The gene pairs exclusively identified by the SIG method unravel mechanisms for PPARG function loss during prostate cancer development. PPARG encodes a protein in the peroxisome proliferator activating receptor (PPAR) family, and is a critical transcription factor to promote adipogenesis. PPARG has been reported to repress prostate cancer under some undetermined mechanisms [28], mainly due to the disadvantage made by adipogenesis for a cell to maintain in undifferentiated state. However, PPARG has high expression levels in prostate cancer cells, especially for the more undifferentiated stage [28]. Thus, PPARG seems to lose its repression role in prostate cancer. Genetic causes have been excluded since neither mutations in PPARG gene nor deletions in chromosomal region were detected in prostate cell lines or in tumours [28]. Therefore, we suppose the inactivation of PPARG occurs as a result of gene deregulation. Since PPARD has been suggested as a potent inhibitor for transcription activity of PPARG [29] based on the gene pairs exclusively detected by the SIG method, we provide explicable clues of PPARD's regulation role to promote PPARG inactivation.

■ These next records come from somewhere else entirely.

(* Let $X,Y$ be complex Banach spaces, $U:X\to Y$ a bounded linear operator with $\|U\|\le\lambda$, $\lambda\ge1$, $1\le p<\infty$, and $Z=(\mathbb C^n,\|\cdot\|)$ a Banach space whose canonical basis is normalized $1$-unconditional. Then $$A_\lambda(B_Z,p,U)\ge\frac{\|Id:Z\to\ell_1^n\|}{n}K_\lambda(B_Z,p,U).$$
   Context: For a complete Reinhardt domain $\Omega\subset\mathbb C^n$ and a bounded holomorphic $f:\Omega\to X$, $f(z)=\sum_\alpha a_\alpha z^\alpha$, $\|f\|_{\Omega,X}=\sup_\Omega\|f(z)\|_X$. $K_\lambda(\Omega,p,U)$ is the supremum of all $r\ge0$ such that $\sup_{z\in r\Omega}\sum_\alpha\|U(a_\alpha)z^\alpha\|_Y^p\le\lambda^p\|f\|_{\Omega,X}^p$ for all bounded holomorphic $f:\Omega\to X$. $A_\lambda(\Omega,p,U)$ is the supremum of $\frac1n\sum_{i=1}^nr_i$ over $r\in\mathbb R^n_{\ge0}$ such that $\sum_\alpha\|U(a_\alpha)\|_Y^pr^{p\alpha}\le\lambda^p\|f\|_{\Omega,X}^p$ for all bounded holomorphic $f:\Omega\to X$. $B_Z$ is the open unit ball of $Z$. *)

From HB Require Import structures.
From mathcomp Require Import all_boot all_order all_algebra.
From mathcomp Require Import all_classical all_reals all_analysis.
From mathcomp.real_closed Require Import complex.
Import Order.TTheory GRing.Theory Num.Theory.
Import numFieldNormedType.Exports.

Set Implicit Arguments.
Unset Strict Implicit.
Unset Printing Implicit Defensive.

Local Open Scope classical_set_scope.
Local Open Scope ring_scope.

Section Defs.
Variable R : realType.
Local Notation C := R[i].

(* real-valued norm of a vector in a complex normed space
   (the library norm `|x| takes values in R[i], with zero imaginary part) *)
Definition rnorm (V : normedModType C) (x : V) : R := complex.Re `|x|.

Definition cabs (c : C) : R := complex.Re `|c|.

Variable n : nat.

Definition monom (z : 'I_n -> C) (al : {ffun 'I_n -> nat}) : C :=
  \prod_(i < n) z i ^+ al i.

Definition rmonom (r : 'I_n -> R) (al : {ffun 'I_n -> nat}) : R :=
  \prod_(i < n) r i ^+ al i.

Definition box_index (N : nat) (b : {ffun 'I_n -> 'I_N.+1}) : {ffun 'I_n -> nat} :=
  [ffun i => nat_of_ord (b i)].

Variable X : completeNormedModType C.

(* partial sum of  sum_alpha a_alpha z^alpha  over the box  alpha_i <= N *)
Definition psum (a : {ffun 'I_n -> nat} -> X) (z : 'I_n -> C) (N : nat) : X :=
  \sum_(b : {ffun 'I_n -> 'I_N.+1}) monom z (box_index b) *: a (box_index b).

Definition fval (a : {ffun 'I_n -> nat} -> X) (z : 'I_n -> C) : X :=
  limn (psum a z).

(* [a] is the family of monomial coefficients of a bounded holomorphic
   function  f : Om -> X  on the complete Reinhardt domain  Om:
   the monomial series converges absolutely at every point of Om
   and its sum is bounded on Om. *)
Definition bdd_hol (Om : set ('I_n -> C)) (a : {ffun 'I_n -> nat} -> X) : Prop :=
  (forall z, Om z ->
     (\esum_(al in [set: {ffun 'I_n -> nat}])
        ((rnorm (a al) * cabs (monom z al))%:E) < +oo)%E) /\
  exists M : R, forall z, Om z -> rnorm (fval a z) <= M.

Definition supnorm (Om : set ('I_n -> C)) (a : {ffun 'I_n -> nat} -> X) : R :=
  sup [set rnorm (fval a z) | z in Om].

Definition dil (r : R) (Om : set ('I_n -> C)) : set ('I_n -> C) :=
  [set fun i => Complex r 0 * w i | w in Om].

Variable Y : completeNormedModType C.

Definition Kconst (Om : set ('I_n -> C)) (p lam : R) (U : X -> Y) : \bar R :=
  ereal_sup [set r%:E | r in [set r : R | 0 <= r /\
    forall a, bdd_hol Om a ->
      forall z, dil r Om z ->
        (\esum_(al in [set: {ffun 'I_n -> nat}])
           (((rnorm (U (a al)) * cabs (monom z al)) `^ p)%:E)
         <= ((lam `^ p) * (supnorm Om a `^ p))%:E)%E]].

Definition Aconst (Om : set ('I_n -> C)) (p lam : R) (U : X -> Y) : \bar R :=
  ereal_sup [set ((n%:R)^-1 * \sum_(i < n) r i)%:E | r in
    [set r : 'I_n -> R | (forall i, 0 <= r i) /\
      forall a, bdd_hol Om a ->
        (\esum_(al in [set: {ffun 'I_n -> nat}])
           (((rnorm (U (a al))) `^ p * (rmonom r al) `^ p)%:E)
         <= ((lam `^ p) * (supnorm Om a `^ p))%:E)%E]].

End Defs.

(* A norm on C^n (finite dimensional, hence complete: a Banach space Z) *)
Definition is_norm (R : realType) (n : nat) (N : ('I_n -> R[i]) -> R) : Prop :=
  (forall z, 0 <= N z) /\
  (forall z, N z = 0 -> z = (fun _ => 0)) /\
  (forall (c : R[i]) z, N (fun i => c * z i) = cabs c * N z) /\
  (forall z w, N (fun i => z i + w i) <= N z + N w).

Definition ebasis (R : realType) (n : nat) (j : 'I_n) : 'I_n -> R[i] :=
  fun i => if i == j then 1 else 0.

Definition normalized_1_unconditional (R : realType) (n : nat)
    (N : ('I_n -> R[i]) -> R) : Prop :=
  (forall j, N (ebasis R j) = 1) /\
  (forall (eps z : 'I_n -> R[i]), (forall i, cabs (eps i) = 1) ->
     N (fun i => eps i * z i) = N z).

Definition unit_ball (R : realType) (n : nat) (N : ('I_n -> R[i]) -> R)
  : set ('I_n -> R[i]) := [set z | N z < 1].

Definition id_to_l1 (R : realType) (n : nat) (N : ('I_n -> R[i]) -> R) : R :=
  sup [set \sum_(i < n) cabs (z i) | z in [set z | N z <= 1]].

From HB Require Import structures.
From mathcomp Require Import all_boot all_order all_algebra.
From mathcomp Require Import all_classical all_reals all_analysis.
From mathcomp.real_closed Require Import complex.
From mathcomp Require Import ring.
Import Order.TTheory GRing.Theory Num.Theory.
Import numFieldNormedType.Exports.
Local Open Scope classical_set_scope.
Local Open Scope ring_scope.

(* If r is admissible for K and w lies in the closed unit ball of Z, then for
   0 <= t < 1 the point z = r t w lies in r B_Z, and |z^al| = rho^al for
   rho_i = |z_i|; hence rho is admissible for A, so A >= (r t / n) sum_i |w_i|.
   Letting t -> 1 and taking the supremum over w gives A >= r ||Id : Z -> l_1^n|| / n.
   Unconditionality only serves to bound |z_i| <= ||z||, so that ||Id|| is finite. *)

Set Implicit Arguments.
Unset Strict Implicit.
Unset Printing Implicit Defensive.

Section Modulus.
Variable R : realType.
Implicit Types (x y : R[i]) (r : R).

Lemma normcE x : `|x| = (cabs x)%:C%C.
Proof. by rewrite /cabs normc_def. Qed.

Lemma cabs_ge0 x : 0 <= cabs x.
Proof. by rewrite -ler0c -normcE. Qed.

Lemma cabsM x y : cabs (x * y) = cabs x * cabs y.
Proof. by apply: complexI; rewrite rmorphM -!normcE normrM. Qed.

Lemma cabsX x k : cabs (x ^+ k) = cabs x ^+ k.
Proof. by apply: complexI; rewrite rmorphXn -!normcE normrX. Qed.

Lemma cabsN x : cabs (- x) = cabs x.
Proof. by rewrite /cabs normrN. Qed.

Lemma cabs_natr k : cabs (k%:R : R[i]) = k%:R.
Proof. by apply: complexI; rewrite -normcE normr_nat rmorph_nat. Qed.

Lemma cabs_real r : cabs (Complex r 0) = `|r|.
Proof. by rewrite /cabs normc_def /= expr0n /= addr0 sqrtr_sqr. Qed.

Lemma cabs_prod n (f : 'I_n -> R[i]) :
  cabs (\prod_(i < n) f i) = \prod_(i < n) cabs (f i).
Proof. exact: (big_morph _ cabsM (cabs_natr 1)). Qed.

Lemma rnorm_ge0 (V : normedModType R[i]) (v : V) : 0 <= rnorm v.
Proof. by have := normr_ge0 v; rewrite lecE => /andP[]. Qed.

End Modulus.

Section Admissible.
Variables (R : realType) (n : nat) (X Y : completeNormedModType R[i]).
Variables (U : X -> Y) (Om : set ('I_n -> R[i])) (p lam : R).

Definition K_admissible (r : R) : Prop :=
  0 <= r /\ forall a, bdd_hol Om a -> forall z, dil r Om z ->
    (\esum_(al in [set: {ffun 'I_n -> nat}])
       (((rnorm (U (a al)) * cabs (monom z al)) `^ p)%:E)
     <= ((lam `^ p) * (supnorm Om a `^ p))%:E)%E.

Definition A_admissible (rho : 'I_n -> R) : Prop :=
  (forall i, 0 <= rho i) /\ forall a, bdd_hol Om a ->
    (\esum_(al in [set: {ffun 'I_n -> nat}])
       (((rnorm (U (a al))) `^ p * (rmonom rho al) `^ p)%:E)
     <= ((lam `^ p) * (supnorm Om a `^ p))%:E)%E.

Lemma cabs_monom (z : 'I_n -> R[i]) al :
  cabs (monom z al) = rmonom (fun i => cabs (z i)) al.
Proof. by rewrite /monom cabs_prod; apply: eq_bigr => i _; rewrite cabsX. Qed.

Lemma A_admissible_cabs_dil r z :
  K_admissible r -> dil r Om z -> A_admissible (fun i => cabs (z i)).
Proof.
move=> [_ Kr] z_dil; split=> [i|a a_hol]; first exact: cabs_ge0.
rewrite (eq_esum (b := fun al => ((rnorm (U (a al)) * cabs (monom z al)) `^ p)%:E)).
  exact: Kr.
by move=> al _; rewrite powRM ?rnorm_ge0 ?cabs_ge0 // cabs_monom.
Qed.

Lemma Aconst_ge_mean_cabs r z : K_admissible r -> dil r Om z ->
  ((n%:R^-1 * \sum_(i < n) cabs (z i))%:E <= Aconst Om p lam U)%E.
Proof.
move=> Kr z_dil; apply: ereal_sup_ubound.
by exists (fun i => cabs (z i)) => //; exact: A_admissible_cabs_dil Kr z_dil.
Qed.

End Admissible.

Section UnitBall.
Variables (R : realType) (n : nat) (N : ('I_n -> R[i]) -> R).
Hypotheses (N_norm : is_norm N) (N_unc : normalized_1_unconditional N).

Local Notation l1_ball_image :=
  [set \sum_(i < n) cabs (z i) | z in [set z | N z <= 1]].

Lemma cabs_le_norm z i : cabs (z i) <= N z.
Proof.
have [_ [_ [NZ ND]]] := N_norm; have [Ne Nu] := N_unc.
pose eps j : R[i] := if j == i then 1 else -1.
have eps_unit j : cabs (eps j) = 1.
  by rewrite /eps; case: eqP; rewrite ?cabsN (cabs_natr _ 1).
(* z + eps z doubles the i-th coordinate and kills the others *)
have := ND z (fun j => eps j * z j); rewrite Nu //.
have -> : (fun j => z j + eps j * z j) = (fun j => (2 * z i) * ebasis R i j).
  apply: funext => j; rewrite /eps /ebasis; case: eqP => [->|_].
    by rewrite mulr1 mul1r mulr2n mulrDl mul1r.
  by rewrite mulr0 mulN1r subrr.
by rewrite NZ Ne mulr1 cabsM (cabs_natr _ 2) mulr2n mulrDl mul1r -mulr2n ler_pMn2r.
Qed.

Lemma sum_cabs_le z : N z <= 1 -> \sum_(i < n) cabs (z i) <= n%:R.
Proof.
move=> z1; rewrite -[n in n%:R]card_ord -sumr_const.
by apply: ler_sum => i _; apply: le_trans (cabs_le_norm z i) z1.
Qed.

Lemma l1_ball_image_ebasis (j : 'I_n) : l1_ball_image 1.
Proof.
exists (ebasis R j); first by rewrite /= (proj1 N_unc).
rewrite (bigD1 j) //= big1 => [|i /negbTE]; rewrite /ebasis ?eqxx.
  by rewrite addr0 (cabs_natr _ 1).
by move=> ->; rewrite (cabs_natr _ 0).
Qed.

Lemma has_sup_l1_ball_image : (0 < n)%N -> has_sup l1_ball_image.
Proof.
move=> n_gt0; split; first by exists 1; exact: l1_ball_image_ebasis (Ordinal n_gt0).
by exists n%:R => _ [z z1 <-]; exact: sum_cabs_le.
Qed.

Lemma id_to_l1_ge1 : (0 < n)%N -> 1 <= id_to_l1 N.
Proof.
move=> n_gt0; have [_ ub] := has_sup_l1_ball_image n_gt0.
exact: ub_le_sup ub _ (l1_ball_image_ebasis (Ordinal n_gt0)).
Qed.

Lemma dil_unit_ball r t w : 0 <= r -> 0 <= t -> t < 1 -> N w <= 1 ->
  dil r (unit_ball N) (fun i => Complex r 0 * (Complex t 0 * w i)).
Proof.
move=> r_ge0 t_ge0 t_lt1 w1; exists (fun i => Complex t 0 * w i) => //.
have [_ [_ [NZ _]]] := N_norm.
rewrite /unit_ball /= NZ cabs_real ger0_norm //.
by apply: le_lt_trans t_lt1; rewrite -[leRHS]mulr1 ler_wpM2l.
Qed.

End UnitBall.

Lemma Aconst_ge_id_to_l1 (R : realType) (X Y : completeNormedModType R[i])
    (U : X -> Y) (p lam : R) (n : nat) (N : ('I_n -> R[i]) -> R) (r : R) :
  (0 < n)%N -> is_norm N -> normalized_1_unconditional N ->
  K_admissible U (unit_ball N) p lam r ->
  ((r / n%:R * id_to_l1 N)%:E <= Aconst (unit_ball N) p lam U)%E.
Proof.
move=> n_gt0 N_norm N_unc Kr.
have [ball_n0 ball_ub] := has_sup_l1_ball_image N_norm N_unc n_gt0.
rewrite EFinM /id_to_l1 -ereal_sup_EFin // -ereal_supZl; first last.
- by rewrite divr_ge0 ?ler0n // (proj1 Kr).
- by apply/set0P; case: ball_n0 => s Ss; exists s%:E, s.
apply: ge_ereal_sup => _ [_ [_ [w w1 <-] <-] <-].
apply/lee_mul01Pr => [|t /andP[t_gt0 t_lt1]].
  rewrite -EFinM lee_fin !mulr_ge0 ?invr_ge0 ?ler0n ?(proj1 Kr) //.
  by apply: sumr_ge0 => i _; exact: cabs_ge0.
have := Aconst_ge_mean_cabs Kr (dil_unit_ball N_norm (proj1 Kr) (ltW t_gt0) t_lt1 w1).
suff -> : n%:R^-1 * \sum_(i < n) cabs (Complex r 0 * (Complex t 0 * w i))
          = t * (r / n%:R * \sum_(i < n) cabs (w i)) by rewrite -!EFinM.
under eq_bigr do rewrite !cabsM !cabs_real (ger0_norm (proj1 Kr)) (gtr0_norm t_gt0).
by rewrite -!mulr_sumr; ring.
Qed.

Theorem mainTheorem17 (R : realType) (X Y : completeNormedModType R[i])
  (U : {linear X -> Y}) (lam p : R) (n : nat) (N : ('I_n -> R[i]) -> R) :
  1 <= lam ->
  (forall x : X, rnorm (U x) <= lam * rnorm x) ->
  1 <= p ->
  (0 < n)%N ->
  is_norm N ->
  normalized_1_unconditional N ->
  (((id_to_l1 N / n%:R)%:E * Kconst (unit_ball N) p lam U)
     <= Aconst (unit_ball N) p lam U)%E.
Proof.
move=> _ _ _ n_gt0 N_norm N_unc.
have c_gt0 : 0 < id_to_l1 N / n%:R.
  by rewrite divr_gt0 ?ltr0n // (lt_le_trans ltr01 (id_to_l1_ge1 N_norm N_unc n_gt0)).
rewrite /Kconst -ereal_sup_pZl //.
apply: ge_ereal_sup => _ [_ [r Kr <-] <-].
rewrite -EFinM mulrC mulrCA mulrC.
exact: Aconst_ge_id_to_l1.
Qed.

PPARD belongs to PPAR family just as PPARG. It shows contradictory effects of roles during cellular development. A recent report [29] demonstrated it as rescuing prostate epithelial cells from growth inhibition. In the results of the SIG method, gene pair PPARD and DVL1 has highly positive correlation at HR stage and little correlation at HS stage. DVL1 encodes a protein in Wnt signaling which can inactivate GSK3B, prevent it from phosphorylating β-catenin (CTNNB1) with subsequent degradation. Because PPARD could play a role through activation of downstream genes [30], we assume that PPARD may enhance DVL1's transcription in HR stage. Consequently, GSK3B is inactivated and the degradation for β-catenin is decreased. Since CTNNB1 may repress CEBPD's activity, the latter has effect on enhancing PPARG's activity [31]. Therefore, we conclude that PPARD's activation on DVL1 leads to repressing PPARG's activity, and this gives clues for tumour repressor PPARG's inactivation and leads to cancer progression into the HR stage.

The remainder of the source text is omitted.